Value-sensitive design
Value-sensitive design is a design approach that accounts for ethical values, such as privacy, in addition to usability-oriented design goals.51 Value-sensitive design methods help to systematically assess the values at play in relation to a specific technology and respective stakeholders and the ways the technology might meet or violate those values. They also help to iteratively develop designs that are sensitive to and respectful of those values.
Privacy reminders
Organizations may choose or be required to remind people about data practices they are subject to. For instance, financial institutions in the United States are required to provide an annual privacy notice to their customers under the Gramm-Leach-Bliley Act (GBLA). However, privacy reminders can also take a more proactive shape and make users aware of data practices they had previously agreed to or nudge them to check and update their privacy settings.
Privacy notices
Privacy notices aim to provide transparency about an organization’s data practices and other privacy-related information, such as measures taken to ensure security and privacy of users’ information. Privacy notices need to be provided to users—typically before a data practice takes place—and explain what information about data subjects is being collected, processed, retained or transferred for what purpose.
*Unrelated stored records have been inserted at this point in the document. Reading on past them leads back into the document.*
Lemma hilbert_theta_le (v1 v2 : M -> R) y t s : S y -> 0 < v1 y -> 0 < t ->
    cone_le d a mu S (fun x => t * v1 x) v2 ->
    cone_le d a mu S v2 (fun x => s * v1 x) ->
  (hilbert_theta d a mu S v1 v2 <= (ln (s / t))%:E)%E.
Proof.
move=> Sy v1y t0 le_tv le_vs.
have v2y : 0 < v2 y.
  by apply: lt_le_trans (cone_le_pointwise le_tv Sy); rewrite mulr_gt0.
have s0 : 0 < s.
  by have := lt_le_trans v2y (cone_le_pointwise le_vs Sy); rewrite pmulr_lgt0.
have t_le : (t%:E <= hilbert_alpha d a mu S v1 v2)%E.
  by apply: ereal_sup_ubound; exists t.
have le_s : (hilbert_beta d a mu S v1 v2 <= s%:E)%E.
  by apply: ereal_inf_lbound; exists s.
rewrite /hilbert_theta.
move: (hilbert_beta_ge v2 Sy v1y) t_le le_s (hilbert_alpha_le v2 Sy v1y).
case: (hilbert_alpha _ _ _ _ _ _) => [al| |]; case: (hilbert_beta _ _ _ _ _ _) => [be| |] //=.
rewrite !lee_fin => c_be t_al be_s al_c.
have al0 : 0 < al := lt_le_trans t0 t_al.
have be0 : 0 < be by apply: lt_le_trans c_be; rewrite divr_gt0.
rewrite al0 lee_fin ler_ln ?posrE ?divr_gt0 //.
by rewrite ler_pdivrMr // mulrAC ler_pdivlMr // ler_pM // ltW.
Qed.

End HilbertMetric.

Section ConeDiameter.
Context {R : realType} {M : Type} (d : M -> M -> R) (mu : R) (S : set M).
Hypotheses (d_ge0 : forall x y, 0 <= d x y) (d_sym : forall x y, d x y = d y x).
Hypotheses (diam_S : forall x y, S x -> S y -> d x y <= 1) (mu_gt0 : 0 < mu).

Lemma powR_dist_le1 x y : S x -> S y -> d x y `^ mu <= 1.
Proof.
move=> Sx Sy; have := @ge0_ler_powR R mu (ltW mu_gt0) (d x y) 1; rewrite powR1.
by apply; rewrite ?nnegrE ?diam_S.
Qed.

Lemma cone_harnack L (rho : M -> R) x y : 0 <= L -> cone d L mu S rho ->
  S x -> S y -> rho x <= rho y * expR L.
Proof.
move=> L0 [rho_gt0 rho_le] Sx Sy; apply: le_trans (rho_le x y Sx Sy) _.
rewrite ler_pM2l ?rho_gt0 // ler_expR ler_piMr //.
exact: powR_dist_le1.
Qed.

Lemma cone_le_scaled_tau1 lam a T t (r1 r2 : M -> R) : 0 < lam < 1 -> 0 <= a ->
    0 <= T < 1 -> 0 <= t ->
    (forall z, 1 < z -> T <= (z - z `^ lam) / (z - z `^ (- lam))) ->
    cone d (lam * a) mu S r1 -> cone d (lam * a) mu S r2 ->
    (forall y, S y -> t * r1 y <= T * r2 y) ->
  cone_le d a mu S (fun x => t * r1 x) r2.
Proof.
move=> hl a0 /andP[T0 T1] t0 Tle [r1_gt0 r1_le] [r2_gt0 r2_le] tr1_le.
left; split=> [x Sx|x y Sx Sy].
  by have := tr1_le x Sx; have := r2_gt0 x Sx; rewrite subr_gt0; nra.
have /andP[l0 l1] := hl; set u := a * d x y `^ mu.
have u0 : 0 <= u by rewrite mulr_ge0 // powR_ge0.
have lamu : lam * a * d x y `^ mu = lam * u by rewrite mulrA.
have r1yx : r1 y <= r1 x * expR (lam * u) by rewrite -lamu d_sym; exact: r1_le.
have r2xy : r2 x <= r2 y * expR (lam * u) by rewrite -lamu; exact: r2_le.
have tau := expR_tau1_ge hl u0 Tle.
have AB : expR (lam * u) * expR (- (lam * u)) = 1 by rewrite -expRD subrr expR0.
have BE : expR (- (lam * u)) <= expR u by rewrite ler_expR; nra.
have r1x := r1_gt0 x Sx; have r1y := r1_gt0 y Sy.
have r2x := r2_gt0 x Sx; have r2y := r2_gt0 y Sy; have tr1y := tr1_le y Sy.
have A0 := expR_gt0 (lam * u); have B0 := expR_gt0 (- (lam * u)).
set A := expR (lam * u) in A0 AB tau r1yx r2xy *.
set B := expR (- (lam * u)) in B0 AB BE tau *; set E := expR u in BE tau *.
have h1 : B * r1 y <= r1 x by nra.
have h2 : t * (B * r1 y) <= t * r1 x by nra.
have h3 : t * r1 y * (E - B) <= T * r2 y * (E - B) by nra.
have h4 : T * r2 y * (E - B) <= r2 y * (E - A) by nra.
nra.
Qed.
Laws and regulations in different countries may pose specific transparency requirements in terms of what information needs to be provided, when it needs to be provided and how it needs to be provided. Privacy notices can take different shapes and forms
Privacy policies
Privacy policies are probably the most common type of privacy notice. A privacy policy holistically documents an organization’s data collection, processing and transfer practices and also includes other privacy-related information. While most common, privacy policies are also among the most ineffective privacy user interfaces. Most people do not read privacy policies, as they have little incentive to do so.